From e1d0e7f0e565c53d03b54c171f34cb5cb56e65bd Mon Sep 17 00:00:00 2001
From: crusaderky <crusaderky@gmail.com>
Date: Tue, 26 Oct 2021 17:04:36 +0100
Subject: [PATCH] retire_workers to use AMM

black


doc tweaks
---
 distributed/active_memory_manager.py  |  56 +++++++++
 distributed/scheduler.py              | 167 ++++++++++++++------------
 distributed/worker.py                 |  24 +++-
 docs/source/active_memory_manager.rst |  19 +--
 4 files changed, 181 insertions(+), 85 deletions(-)

diff --git a/distributed/active_memory_manager.py b/distributed/active_memory_manager.py
index 4b368ff5220..095614d2ea8 100644
--- a/distributed/active_memory_manager.py
+++ b/distributed/active_memory_manager.py
@@ -356,3 +356,59 @@ def run(self):
             # ndrop could be negative, which for range() is the same as 0.

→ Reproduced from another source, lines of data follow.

Lemma ipZl k x y : ip (k *: x) y = k * ip x y. Proof. by case: ipE. Qed.

Lemma ipBl x y z : ip (x - y) z = ip x z - ip y z.
Proof. by case: ipE => _ ipD _ _; rewrite ipD -scaleN1r ipZl mulN1r. Qed.

Lemma ipBr x y z : ip z (x - y) = ip z x - ip z y.
Proof. by rewrite ipC ipBl !(ipC z). Qed.

Lemma ipZr k x y : ip x (k *: y) = k * ip x y.
Proof. by rewrite ipC ipZl ipC. Qed.

Lemma ip0r x : ip x 0 = 0.
Proof. by rewrite -(subrr x) ipBr subrr. Qed.

Lemma ipNr x y : ip x (- y) = - ip x y.
Proof. by rewrite -sub0r ipBr ip0r sub0r. Qed.

Lemma normB_sqr x y : `|x - y| ^+ 2 = `|x| ^+ 2 - 2 * ip x y + `|y| ^+ 2.
Proof.
case: ipE => _ _ _ ip_sqr.
by rewrite -!ip_sqr ipBl !ipBr (ipC y x); lra.
Qed.

Lemma cauchy_schwarz x y : ip x y <= `|x| * `|y|.
Proof.
have [->|x0] := eqVneq x 0; first by rewrite ipC ip0r normr0 mul0r.
have [->|y0] := eqVneq y 0; first by rewrite ip0r normr0 mulr0.
have nxy : 0 < `|x| * `|y| by rewrite mulr_gt0 ?normr_gt0.
have := sqr_ge0 `| `|y| *: x - `|x| *: y |.
rewrite normB_sqr ipZr ipC ipZr ipC !normrZ !normr_id => h.
by rewrite -(ler_pM2l nxy); nra.
Qed.

Lemma subgrad_fine_le (f : E -> \bar R) x y s :
  is_subgrad ip f x s -> f y \is a fin_num ->
  fine (f x) - fine (f y) <= ip s (x - y).
Proof.
case=> fx sub fy; have := sub y.
by rewrite -(fineK fx) -(fineK fy) -EFinD lee_fin -(opprB x y) ipNr; lra.
Qed.

Lemma linearized_regret_le (m n : nat) (phi : nat -> E -> \bar R)
    (x s : nat -> E) z r :
  (forall t, (m <= t < n)%N -> is_subgrad ip (phi t) (x t) (s t)) ->
  (forall t, (m <= t < n)%N -> phi t z \is a fin_num) ->
  \sum_(m <= t < n) ip (s t) (x t - z) <= r ->
  (\sum_(m <= t < n) phi t (x t) - \sum_(m <= t < n) phi t z <= r%:E)%E.
Proof.
move=> x_sub z_fin le_r.
have x_fin t : (m <= t < n)%N -> phi t (x t) \is a fin_num by case/x_sub.
rewrite (sumeB_fine x_fin z_fin) lee_fin; apply: le_trans le_r.
by apply: ler_sum_nat => t mtn; apply: subgrad_fine_le (x_sub t mtn) (z_fin t mtn).
Qed.

Definition three_point (th : R) (g u p c : E) : Prop :=
  th * ip g (p - c) <= (`|u - c| ^+ 2 - `|u - p| ^+ 2 - `|p - c| ^+ 2) / 2.

Lemma three_point_refl th g u c : three_point th g u c c.
Proof. by rewrite /three_point !subrr ip0r normr0 expr0n /=; lra. Qed.

Section Projection.
Variable C : set E.
Hypothesis convC : convex_set C.

Lemma convex_set_segment c p s : C c -> C p -> 0 <= s -> s <= 1 ->
  C (p + s *: (c - p)).
Proof.
move=> Cc Cp s0 s1.
have -> : p + s *: (c - p) = s *: c + (1 - s) *: p.
  by rewrite scalerBl scale1r scalerBr addrCA.
by have := convC (Itv01 s0 s1) (mem_set Cc) (mem_set Cp); rewrite inE.
Qed.

(* Moving from [p] towards [c] by [s] changes [|u - p| ^+ 2] by
   [- 2 s <u - p, c - p> + s ^+ 2 |c - p| ^+ 2], which must be nonnegative
   for all small [s > 0]. *)
Lemma proj_ip_le0 u p c : is_proj C u p -> C c -> ip (u - p) (c - p) <= 0.
Proof.
move=> [Cp p_min] Cc.
set A := ip (u - p) (c - p); set K := `|c - p| ^+ 2.
have K0 : 0 <= K := sqr_ge0 _.
have small_step s : 0 < s -> s <= 1 -> 2 * A <= s * K.
  move=> s0 s1.
  have := p_min _ (convex_set_segment Cc Cp (ltW s0) s1).
  rewrite opprD addrA -(ler_pXn2r (n := 2)) ?nnegrE //.
  rewrite [X in _ <= X]normB_sqr ipZr normrZ ger0_norm ?exprMn; last exact: ltW.
  by rewrite -/A -/K => h; rewrite -(ler_pM2l s0); nra.
rewrite leNgt; apply/negP => A0.
have KA : 0 < K + A by lra.
have := small_step (A / (K + A)) (divr_gt0 A0 KA).
rewrite ler_pdivrMr // mul1r mulrAC ler_pdivlMr //; nra.
Qed.

Lemma proj_three_point th g u p c :
  is_proj C (u - th *: g) p -> C c -> three_point th g u p c.
Proof.
move=> p_proj Cc; have := proj_ip_le0 p_proj Cc.
rewrite /three_point addrAC ipBl ipZl -(opprB c p) ipNr.
have -> : `|u - c| = `|(u - p) - (c - p)| by rewrite opprB addrA subrK.
by rewrite normB_sqr normrN; lra.
Qed.

Lemma proj_nonexpansive u v p q :
  is_proj C u p -> is_proj C v q -> `|p - q| <= `|u - v|.
Proof.
move=> p_proj q_proj.
have := proj_ip_le0 p_proj q_proj.1; have := proj_ip_le0 q_proj p_proj.1.
rewrite -[q - p]opprB ipNr => hq hp.
have [->|pq0] := eqVneq (p - q) 0; first by rewrite normr0.
have npq : 0 < `|p - q| by rewrite normr_gt0.
have ip_uv : ip (u - v) (p - q) = ip (u - p) (p - q) - ip (v - q) (p - q) + `|p - q| ^+ 2.
  by case: ipE => _ _ _ <-; rewrite !ipBl; lra.
have cs := cauchy_schwarz (u - v) (p - q).
by rewrite -(ler_pM2r npq) -expr2; lra.
Qed.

             for _ in range(ndrop):
                 yield "drop", ts, None
+
+
+class RetireWorker(ActiveMemoryManagerPolicy):
+    """Replicate somewhere else all unique keys on a worker, preparing for its shutdown.

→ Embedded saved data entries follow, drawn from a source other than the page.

Definition expo_var (c j : nat) : nat -> nat := fun l => if l == c then j else 0%N.

Lemma mdeg_ext n e e' : (forall l, (l < n)%N -> e l = e' l) -> mdeg n e = mdeg n e'.
Proof. by move=> ee'; apply: eq_bigr => l _; apply: ee'. Qed.

Lemma mdeg_expo_var n c j : (c < n)%N -> mdeg n (expo_var c j) = j.
Proof.
move=> cn; rewrite /mdeg (bigD1 (Ordinal cn)) //= /expo_var eqxx big1 ?addn0 //.
by move=> k kc; rewrite /expo_var ifN //; apply: contraNneq kc => kc; apply/eqP/val_inj.
Qed.

Definition expo_add n (P Q : (nat -> nat) -> Prop) (e : nat -> nat) :=
  exists e1 e2, [/\ P e1, Q e2 & forall l, (l < n)%N -> e l = (e1 l + e2 l)%N].

Lemma mdeg_add n e e1 e2 : (forall l, (l < n)%N -> e l = (e1 l + e2 l)%N) ->
  mdeg n e = (mdeg n e1 + mdeg n e2)%N.
Proof. by move=> eE; rewrite /mdeg -big_split; apply: eq_bigr => l _; apply: eE. Qed.

Definition homog n d (e : nat -> nat) := mdeg n e = d.

Definition beyond n c (e : nat -> nat) := exists l, [/\ (c < l)%N, (l < n)%N & (0 < e l)%N].

Definition homog_beyond n c d e := homog n d e /\ beyond n c e.

Lemma expo_add_homog n a b e : expo_add n (homog n a) (homog n b) e -> homog n (a + b) e.
Proof. by case=> e1 [e2 [e1a e2b /mdeg_add]]; rewrite /homog e1a e2b. Qed.

Lemma expo_add_homog_beyond n c a b e :
  expo_add n (homog n a) (homog_beyond n c b) e -> homog_beyond n c (a + b) e.
Proof.
case=> e1 [e2 [e1a [e2b [l [cl ln e2l]]] eE]].
split; first by rewrite /homog (mdeg_add eE) e1a e2b.
by exists l; rewrite eE // ltn_addl.
Qed.

Section Ideals.
Variable S : comNzRingType.
Implicit Type G : S -> Prop.

Lemma ideal_gen0 G : ideal_gen G 0.
Proof. by exists [::]; rewrite big_nil. Qed.

Lemma ideal_gen_mem G g : G g -> ideal_gen G g.
Proof.
exists [:: (1, g)]; split; first by move=> p; rewrite inE => /eqP->.
by rewrite big_seq1 mul1r.
Qed.

Lemma ideal_genD G f g : ideal_gen G f -> ideal_gen G g -> ideal_gen G (f + g).
Proof.
move=> [s1 [s1G ->]] [s2 [s2G ->]]; exists (s1 ++ s2); split; last by rewrite big_cat.
by move=> p; rewrite mem_cat => /orP[/s1G|/s2G].
Qed.

Lemma ideal_genMl G q f : ideal_gen G f -> ideal_gen G (q * f).
Proof.
move=> [s [sG ->]]; exists [seq (q * p.1, p.2) | p <- s]; split.
  by move=> p /mapP[x /sG xG ->].
by rewrite big_map mulr_sumr; apply: eq_bigr => p _; rewrite mulrA.
Qed.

+    Once the worker has been retired, this policy automatically removes itself from the
+    Active Memory Manager it's attached to.
+
+    **Retiring a worker with spilled keys**
+
+    On its very first iteration, this policy suggests other workers to fetch all unique
+    in-memory tasks. Frequently, this means that in the next few moments the worker to
+    be retired will be bombarded with ``Worker.get_data`` calls from the rest of the
+    cluster. This can be a problem if most of the managed memory of the worker has been
+    spilled out, as it could send the worker above the terminate threshold.
+    Two things are in place in order to avoid this:
+
+    1. At every iteration, this policy drops all keys that have already been replicated
+       somewhere else. This makes room for further keys to be moved out of the spill
+       file in order to be replicated onto another worker.
+    2. Once a worker passes the ``pause`` threshold, ``Worker.get_data`` throttles the
+       number of outgoing connections to 1.
+    """
+
+    address: str
+
+    def __init__(self, address: str):
+        self.address = address
+
+    def __repr__(self) -> str:
+        return f"RetireWorker({self.address}, done={self.done})"
+
+    def run(self):
+        ws = self.manager.scheduler.workers.get(self.address)
+        if ws is None:
+            self.manager.policies.remove(self)
+            return
+
+        for ts in ws.has_what:
+            if len(ts.who_has) == 1:
+                yield "replicate", ts, None
+            else:
+                # This may be rejected by either the AMM (see _find_dropper) or by the
+                # Worker; if so we'll try again at the next iteration
+                yield "drop", ts, {ws}
+
+    def done(self) -> bool:
+        """Return True if it is safe to close the worker down, or False otherwise. True
+        doesn't necessarily mean that run() won't issue any more suggestions - it could
+        continue issuing ``drop`` suggestions afterwards.
+        """
+        ws = self.manager.scheduler.workers.get(self.address)
+        if ws is None:
+            return True
+        if ws.processing:
+            return False
+        return all(len(ts.who_has) > 1 for ts in ws.has_what)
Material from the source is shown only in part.